Spezialeinheiten im Einsatz

Terror-Verdacht: Saar-Polizei setzt vier Syrer fest

In Saarlouis-Roden nimmt die Polizei am Donnerstag terrorverdächtige Syrer fest.FOTO: BeckerBredel

Saarlouis/Eppelborn/Homburg. Zum ersten Mal haben Spezialeinheiten im Saarland mutmaßliche Mitglieder der IS-Miliz festgenommen, die als Kriegsflüchtlinge nach Deutschland kamen.

Spezialeinheiten der Polizei haben im Saarland bei mehreren Einsätzen insgesamt vier Syrer festgesetzt. Sie stehen im Verdacht, einer ausländischen terroristischen Vereinigung anzugehören.

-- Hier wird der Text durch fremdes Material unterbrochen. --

(* For $k \in \mathbb{N}$ let $o(k) \in \mathbb{N}_0$ be the smallest $n \in \mathbb{N}_0$ with $2^n - n \ge k$. Then (1) $\{n(F) : F \in \mathcal{UHIT}_{\delta=k}\} = \{n(F) : F \in \mathcal{MU}_{\delta=k}\} = \{n \in \mathbb{N}_0 : n \ge o(k)\}$; (2) $\{c(F) : F \in \mathcal{UHIT}_{\delta=k}\} = \{c(F) : F \in \mathcal{MU}_{\delta=k}\} = \{n \in \mathbb{N} : n \ge o(k) + k\}$.
   Context: Literals come with a fixed-point-free involution $x \mapsto \overline{x}$; variables are positive literals. A clause is a finite set $C$ of literals with $C \cap \overline{C} = \emptyset$; a clause-set is a finite set of clauses. $\mathrm{var}(F)$, $n(F) = |\mathrm{var}(F)|$, $c(F) = |F|$, $\delta(F) = c(F) - n(F)$. $\mathcal{MU}$ is the class of minimally unsatisfiable clause-sets (unsatisfiable, but removing any clause gives a satisfiable clause-set). $F$ is hitting if for all distinct $C, D \in F$, $C \cap \overline{D} \ne \emptyset$; $\mathcal{UHIT}$ is the class of unsatisfiable hitting clause-sets. $\mathcal{C}_{\delta=k} = \{F \in \mathcal{C} : \delta(F) = k\}$. *)

From mathcomp Require Import all_boot all_order all_algebra.
From mathcomp Require Import finmap zify.
Set Implicit Arguments. Unset Strict Implicit. Unset Printing Implicit Defensive.
Local Open Scope fset_scope.

(* A literal is a pair (variable, sign); variables are natural numbers.
   The positive literal of variable v is (v, true). *)
Definition lit := (nat * bool)%type.
Definition comp (l : lit) : lit := (l.1, ~~ l.2).

Definition clause := {fset lit}.
Definition clauseset := {fset clause}.

Definition is_clause (C : clause) : Prop := forall l, l \in C -> comp l \notin C.
Definition is_clauseset (F : clauseset) : Prop := forall C, C \in F -> is_clause C.

Definition vars (F : clauseset) : {fset nat} :=
  [fset l.1 | l in \bigcup_(C <- F) C].
Definition nvar (F : clauseset) : nat := #|` vars F|.
Definition ncl (F : clauseset) : nat := #|` F|.
Definition deficiency (F : clauseset) : int := (ncl F)%:Z - (nvar F)%:Z.

Definition sat_clause (f : nat -> bool) (C : clause) : Prop :=
  exists2 l, l \in C & f l.1 = l.2.
Definition satisfiable (F : clauseset) : Prop :=
  exists f : nat -> bool, forall C, C \in F -> sat_clause f C.

Definition MU (F : clauseset) : Prop :=
  [/\ is_clauseset F, ~ satisfiable F &
      forall C, C \in F -> satisfiable (F `\ C)].

Definition hitting (F : clauseset) : Prop :=
  forall C D, C \in F -> D \in F -> C <> D -> exists2 l, l \in C & comp l \in D.

Definition UHIT (F : clauseset) : Prop :=
  [/\ is_clauseset F, ~ satisfiable F & hitting F].

Lemma o_exists (k : nat) : exists n, k <= 2 ^ n - n.
Proof.
exists k; suff: k + k <= 2 ^ k by lia.
elim: k => // k IH; rewrite expnS.
case: k IH => // k IH; have := ltn_expl k.+1 (isT : 1 < 2); lia.
Qed.

Definition o (k : nat) : nat := ex_minn (o_exists k).

From Pilot Require Import Defs.
From mathcomp Require Import all_boot all_order all_algebra.
From mathcomp Require Import finmap zify.
From Stdlib Require Import ClassicalEpsilon.
Set Implicit Arguments. Unset Strict Implicit. Unset Printing Implicit Defensive.
Local Open Scope fset_scope.

(* Every UHIT clause-set is MU: the assignment falsifying one clause satisfies all
   others, since each of them clashes with it.  Conversely, every clause C of an MU
   clause-set F has a separating assignment (falsifying C, satisfying F \ C), and
   these are pairwise different on var(F); hence c(F) <= 2^n(F), i.e. n + k <= 2^n,
   i.e. n >= o(k).  For the converse, any L clauses with n < L <= 2^n are realised
   by a UHIT clause-set on exactly n variables, built by branching on a fresh
   variable v: adding v to every clause of A and ~v to every clause of B preserves
   unsatisfiability and the hitting property, and adds up the clause counts. *)

Lemma varsP (F : clauseset) x :
  reflect (exists C l, [/\ C \in F, l \in C & l.1 = x]) (x \in vars F).
Proof.
apply: (iffP idP).
- case/imfsetP => /= l /bigfcupP [C /andP [CF _] lC] ->.
  by exists C, l.
- case=> C [l [CF lC <-]]; apply/imfsetP; exists l => //=.
  by apply/bigfcupP; exists C => //; rewrite CF.
Qed.

Lemma notin_vars_lit F v C l : v \notin vars F -> C \in F -> l \in C -> l.1 != v.
Proof.
move=> vF CF lC; apply: contraNneq vF => <-; apply/varsP.
by exists C, l.
Qed.

Lemma nvar_iota F m : (forall x, (x \in vars F) = (x < m)) -> nvar F = m.
Proof.
move=> varsF; rewrite /nvar.
have -> : vars F = [fset x in iota 0 m].
  by apply/fsetP => x; rewrite inE mem_iota /= add0n varsF.
by rewrite card_fseq undup_id ?iota_uniq // size_iota.
Qed.

Lemma unsat_nonempty F : ~ satisfiable F -> exists C, C \in F.
Proof.
move=> unsatF; have [F0|[C CF]] := fset_0Vmem F; last by exists C.
by case: unsatF; exists (fun _ => true) => C; rewrite F0.
Qed.

Lemma sat_clause1U f l C : sat_clause f (l |` C) <-> f l.1 = l.2 \/ sat_clause f C.
Proof.
split.
- case=> l'; rewrite in_fset1U => /orP [/eqP -> ->|l'C e]; first by left.
  by right; exists l'.
- case=> [e|[l' l'C e]]; first by exists l; rewrite ?in_fset1U ?eqxx.
  by exists l' => //; rewrite in_fset1U l'C orbT.
Qed.

Definition add_lit (l : lit) (F : clauseset) : clauseset := [fset l |` C | C in F].

Lemma add_litP l F D : reflect (exists2 C, C \in F & D = l |` C) (D \in add_lit l F).
Proof. exact: imfsetP. Qed.

Section AddLit.
Variables (l : lit) (F : clauseset).
Hypothesis lF : l.1 \notin vars F.

Lemma add_lit_clauseset : is_clauseset F -> is_clauseset (add_lit l F).
Proof.
move=> clF _ /add_litP [C CF ->] l'.
have notin_C l1 : l1 \in C -> l1.1 != l.1 by move/(notin_vars_lit lF CF).
rewrite !in_fset1U /Defs.comp => /orP [/eqP ->|l'C].
  apply/negP => /orP [/eqP|/notin_C]; first by case: (l) => ? [].
  by rewrite eqxx.
apply/negP => /orP [/eqP e|]; last exact/negP/clF.
by have := notin_C _ l'C; rewrite -[l'.1]/((l'.1, ~~ l'.2).1) e eqxx.
Qed.

Lemma card_add_lit : #|` add_lit l F| = #|` F|.
Proof.
rewrite card_in_imfset //= => C D CF DF CD; apply/fsetP => l'.
have := congr1 (fun S => l' \in S) CD; rewrite /= !in_fset1U.
have [-> _|//] := eqVneq l' l.
have notin_l E : E \in F -> (l \in E) = false.
  by move=> EF; apply/negP => /(notin_vars_lit lF EF); rewrite eqxx.
by rewrite !notin_l.
Qed.
End AddLit.

Lemma add_lit_hitting l F : hitting F -> hitting (add_lit l F).
Proof.
move=> hitF _ _ /add_litP [C CF ->] /add_litP [D DF ->] CD.
have [|l' l'C l'D] := hitF C D CF DF; first by move=> eCD; apply: CD; rewrite eCD.
by exists l'; rewrite in_fset1U ?l'C ?l'D orbT.
Qed.

Lemma sat_add_lit f l F : (forall D, D \in add_lit l F -> sat_clause f D) ->
  f l.1 != l.2 -> forall C, C \in F -> sat_clause f C.
Proof.
move=> satf fl C CF.
have /sat_clause1U [fl_eq|//] : sat_clause f (l |` C) by apply/satf/add_litP; exists C.
by rewrite fl_eq eqxx in fl.
Qed.

Definition branch (v : nat) (A B : clauseset) : clauseset :=
  add_lit (v, true) A `|` add_lit (v, false) B.

Section Branch.
Variables (v : nat) (A B : clauseset).
Hypotheses (vA : v \notin vars A) (vB : v \notin vars B).

Lemma branch_unsat : ~ satisfiable A -> ~ satisfiable B -> ~ satisfiable (branch v A B).
Proof.
move=> unsatA unsatB [f satf]; case fv: (f v).
- apply: unsatB; exists f; apply: (@sat_add_lit _ (v, false)); last by rewrite fv.
  by move=> D DB; apply: satf; rewrite in_fsetU DB orbT.
- apply: unsatA; exists f; apply: (@sat_add_lit _ (v, true)); last by rewrite fv.
  by move=> D DA; apply: satf; rewrite in_fsetU DA.
Qed.

Lemma branch_hitting : hitting A -> hitting B -> hitting (branch v A B).
Proof.
move=> /(add_lit_hitting (l := (v, true))) hitA.
move=> /(add_lit_hitting (l := (v, false))) hitB C D.
rewrite !in_fsetU => /orP [CA|CB] /orP [DA|DB]; [exact: hitA | | | exact: hitB].
- move: CA DB => /add_litP [C' _ ->] /add_litP [D' _ ->] _.
  by exists (v, true); rewrite in_fset1U eqxx.
- move: CB DA => /add_litP [C' _ ->] /add_litP [D' _ ->] _.
  by exists (v, false); rewrite in_fset1U eqxx.
Qed.

Lemma branch_uhit : UHIT A -> UHIT B -> UHIT (branch v A B).
Proof.
move=> [clA unsatA hitA] [clB unsatB hitB]; split.
- move=> C; rewrite in_fsetU => /orP [].
  + exact: add_lit_clauseset.
  + exact: add_lit_clauseset.
- exact: branch_unsat.
- exact: branch_hitting.
Qed.

Lemma card_branch : ncl (branch v A B) = (ncl A + ncl B)%N.
Proof.
have := cardfsUI (add_lit (v, true) A) (add_lit (v, false) B).
suff -> : add_lit (v, true) A `&` add_lit (v, false) B = fset0.
  by rewrite cardfs0 addn0 !card_add_lit.
apply/fsetP => D; rewrite in_fsetI in_fset0.
apply/negP => /andP [/add_litP [C _ ->] /add_litP [C' C'B e]].
have : (v, true) \in (v, false) |` C' by rewrite -e in_fset1U eqxx.
rewrite in_fset1U => /orP [/eqP //|/(notin_vars_lit vB C'B)].
by rewrite eqxx.
Qed.

Lemma in_vars_branch x : (exists C, C \in A) ->
  (x \in vars (branch v A B)) = [|| x == v, x \in vars A | x \in vars B].
Proof.
move=> [C0 C0A]; apply/varsP/or3P.
- case=> D [l [] ]; rewrite in_fsetU => /orP [] /add_litP [C CF ->];
    rewrite in_fset1U => /orP [/eqP -> <- | lC <-]; try exact: Or31.
  + by apply: Or32; apply/varsP; exists C, l.
  + by apply: Or33; apply/varsP; exists C, l.
- have add_litA C : C \in A -> (v, true) |` C \in branch v A B.
    by move=> CA; rewrite in_fsetU in_imfset.
  have add_litB C : C \in B -> (v, false) |` C \in branch v A B.
    by move=> CB; rewrite in_fsetU [X in _ || X]in_imfset ?orbT.
  case=> [/eqP ->|/varsP [C [l [CA lC <-]]]|/varsP [C [l [CB lC <-]]]].
  + by exists ((v, true) |` C0), (v, true); rewrite add_litA // in_fset1U eqxx.
  + by exists ((v, true) |` C), l; rewrite add_litA // in_fset1U lC orbT.
  + by exists ((v, false) |` C), l; rewrite add_litB // in_fset1U lC orbT.
Qed.
End Branch.

Lemma uhit_fset0 : UHIT [fset fset0].
Proof.
split.
- by move=> C; rewrite in_fset1 => /eqP -> l; rewrite in_fset0.
- by case=> f /(_ fset0); rewrite in_fset1 eqxx => /(_ isT) [l]; rewrite in_fset0.
- by move=> C D; rewrite !in_fset1 => /eqP -> /eqP ->.
Qed.

Lemma uhit_exists n L : 0 < L <= 2 ^ n ->
  exists2 F, UHIT F & ncl F = L /\ forall x, (x \in vars F) = (x < minn n L.-1).
Proof.
elim: n L => [|n IH] L L_range.
  have -> : L = 1 by move: L_range; rewrite expn0; lia.
  exists [fset fset0]; first exact: uhit_fset0.
  split; first exact: cardfs1.
  move=> x; apply/varsP => -[C [l [] ]].
  by rewrite in_fset1 => /eqP -> ; rewrite in_fset0.
have pow2S : 2 ^ n.+1 = 2 * 2 ^ n by rewrite expnS.
have n_lt_pow2 : n < 2 ^ n by rewrite ltn_expl.
have [L_small|L_large] := leqP L n.+1.
  have [F uhitF [nclF varsF]] := IH L ltac:(lia).
  exists F => //; split => // x; rewrite varsF; congr (x < _); lia.
(* The A-side keeps more than n clauses, so it already uses all n old variables. *)
pose L2 := minn (L - n.+1) (2 ^ n).
have [A uhitA [nclA varsA]] := IH (L - L2) ltac:(lia).
have [B uhitB [nclB varsB]] := IH L2 ltac:(lia).
have nA : n \notin vars A by rewrite varsA; lia.
have nB : n \notin vars B by rewrite varsB; lia.
exists (branch n A B); first exact: branch_uhit.
split; first by rewrite card_branch // nclA nclB; lia.
move=> x; rewrite in_vars_branch; last by case: uhitA => _ /unsat_nonempty.
by rewrite varsA varsB; lia.
Qed.

Lemma uhit_mu F : UHIT F -> MU F.
Proof.
case=> clF unsatF hitF; split => // C CF.
(* The assignment falsifying [C]. *)
exists (fun x => (x, false) \in C) => D; rewrite in_fsetD1 => /andP [DC DF].
have [l lC lD] := hitF C D CF DF (fun eCD => negP DC (introT eqP (esym eCD))).
exists (Defs.comp l) => //; case: l lC {lD} => x [] lC //=.
exact/negbTE/(clF C CF (x, true)).
Qed.

Lemma mu_separating F C : MU F -> C \in F ->
  exists f, ~ sat_clause f C /\ forall D, D \in F `\ C -> sat_clause f D.
Proof.
case=> _ unsatF satF_C CF; have [f satf] := satF_C C CF.
exists f; split => // satC; apply: unsatF; exists f => D DF.
by have [->|DC] := eqVneq D C; last by apply: satf; rewrite in_fsetD1 DC.
Qed.

Lemma mu_ncl_le F : MU F -> ncl F <= 2 ^ nvar F.
Proof.
move=> muF.
have sepF C : exists f, C \in F ->
    ~ sat_clause f C /\ forall D, D \in F `\ C -> sat_clause f D.
  have [CF|CnF] := boolP (C \in F); last by exists xpredT.
  by have [f sepf] := mu_separating muF CF; exists f.
pose g C := proj1_sig (constructive_indefinite_description _ (sepF C)).
have gP C : C \in F ->
    ~ sat_clause (g C) C /\ forall D, D \in F `\ C -> sat_clause (g C) D.
  exact: proj2_sig (constructive_indefinite_description _ (sepF C)).
pose true_vars C := [fset x in vars F | g C x].
(* If [D] and [C] had equal true variables, [g C] would satisfy [C] like [g D] does. *)
have true_vars_inj : {in F &, injective true_vars}.
  move=> C D CF DF eCD; apply/eqP/negPn/negP => CD.
  have [l lC gDl] := (gP D DF).2 C ltac:(by rewrite in_fsetD1 CD CF).
  apply: (gP C CF).1; exists l => //.
  have lF : l.1 \in vars F by apply/varsP; exists C, l.
  by have := congr1 (fun S => l.1 \in S) eCD; rewrite /= !inE lF /= gDl.
have -> : ncl F = #|` [fset true_vars C | C in F]| by rewrite card_in_imfset.
rewrite /nvar -card_fpowerset.
apply: fsubset_leq_card; apply/fsubsetP => _ /imfsetP [C CF ->].
by rewrite fpowersetE; apply/fsubsetP => x; rewrite inE => /andP [].
Qed.

Lemma leq_pow2_subn : {homo (fun n => 2 ^ n - n) : m n / m <= n}.
Proof.
move=> m n; elim: n => [|n IH]; first by rewrite leqn0 => /eqP ->.
rewrite leq_eqVlt ltnS => /orP [/eqP -> //|/IH].
have := ltn_expl n (isT : 1 < 2); rewrite expnS; lia.
Qed.

Lemma leq_oE k n : (o k <= n) = (k <= 2 ^ n - n).
Proof.
rewrite /o; case: ex_minnP => m k_le min_m.
apply/idP/idP => [/leq_pow2_subn|/min_m //]; exact: leq_trans.
Qed.

Lemma deficiencyE F k : deficiency F = Posz k <-> ncl F = (nvar F + k)%N.
Proof. by rewrite /deficiency; split; lia. Qed.

Lemma mu_o_le F k : MU F -> deficiency F = Posz k -> o k <= nvar F.
Proof.
move=> /mu_ncl_le ncl_le /deficiencyE ncl_def; rewrite leq_oE; lia.
Qed.

Lemma uhit_of_o_le k n : 0 < k -> o k <= n ->
  exists F, UHIT F /\ deficiency F = Posz k /\ nvar F = n.
Proof.
rewrite leq_oE => k_gt0 k_le.
have n_lt_pow2 : n < 2 ^ n by rewrite ltn_expl.
have [F uhitF [nclF varsF]] := uhit_exists (n := n) (L := n + k) ltac:(lia).
have nvarF : nvar F = n by apply: nvar_iota => x; rewrite varsF; congr (x < _); lia.
by exists F; do 2!split => //; apply/deficiencyE; rewrite nclF nvarF.
Qed.

Lemma iff_cycle3 (P Q R : Prop) : (P -> Q) -> (Q -> R) -> (R -> P) -> (P <-> Q) /\ (Q <-> R).
Proof. by move=> PQ QR RP; split; split; auto. Qed.

Theorem theorem6p13 (k : nat) (hk : 0 < k) :
  (forall n : nat,
     ((exists F, UHIT F /\ deficiency F = Posz k /\ nvar F = n) <->
      (exists F, MU F /\ deficiency F = Posz k /\ nvar F = n)) /\
     ((exists F, MU F /\ deficiency F = Posz k /\ nvar F = n) <-> o k <= n)) /\
  (forall m : nat,
     ((exists F, UHIT F /\ deficiency F = Posz k /\ ncl F = m) <->
      (exists F, MU F /\ deficiency F = Posz k /\ ncl F = m)) /\
     ((exists F, MU F /\ deficiency F = Posz k /\ ncl F = m) <-> (0 < m /\ o k + k <= m))).
Proof.
have mu_of_uhit (P : clauseset -> Prop) : (exists F, UHIT F /\ P F) -> exists F, MU F /\ P F.
  by case=> F [/uhit_mu muF PF]; exists F.
split=> [n|m]; apply: iff_cycle3; try exact: mu_of_uhit.
- by case=> F [muF [defF <-]]; apply: mu_o_le defF.
- exact: uhit_of_o_le.
- case=> F [muF [defF <-]]; have := mu_o_le muF defF.
  by move/deficiencyE: defF => ->; lia.
- case=> _ m_ge.
  have [F [uhitF [defF nvarF]]] := uhit_of_o_le (n := m - k) hk ltac:(lia).
  by exists F; do 2!split => //; move/deficiencyE: defF; lia.
Qed.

Die Ermittler schlugen zunächst nach Informationen eines Polizeisprechers am Donnerstagabend in Saarlouis-Roden zu, wo sie Hussein A. (23) und Mamar A. (27) festnahmen. Dem 23-Jährigen wird vorgeworfen, in Deutschland Kämpfer für den syrischen Bürgerkrieg rekrutieren zu wollen. Dabei soll er im Auftrag der verbotenen Terrormiliz Ahrar Al-Sham tätig gewesen sein. Dieser salafistischen Splittergruppe gehören bis zu 20 000 Kämpfer an, wie der Koblenzer Generalstaatsanwalt Jürgen Brauer mitteilt. Sie wollen in Syrien einen islamischen Staat errichten. Ein Mitarbeiter einer Flüchtlingsunterkunft in Neustadt an der Weinstraße hatte die Ermittler auf die Spur gebracht. Er habe den 23-Jährigen in einem Internetvideo erkannt, in dem er sich mit Granaten und Kriegswaffen in Kampfuniform gezeigt habe.

Gleichzeitig zum Einsatz in Saarlouis schnappten Spezialeinheiten in Eppelborn-Dirmingen den dritten mutmaßlichen Komplizen, Mohasem A. (21). Er und der 27-Jährige sollen in Syrien Mitglieder des Terrornetzwerkes Islamischer Staat (IS) gewesen sein. Zwar würden zwei der Festgenommenen als „islamische Gefährder“ eingestuft. Aber konkrete Anschlagspläne in Deutschland sollen alle drei nicht gehabt haben. Mittlerweile sitzen sie getrennt voneinander in unterschiedlichen rheinland-pfälzischen Gefängnissen.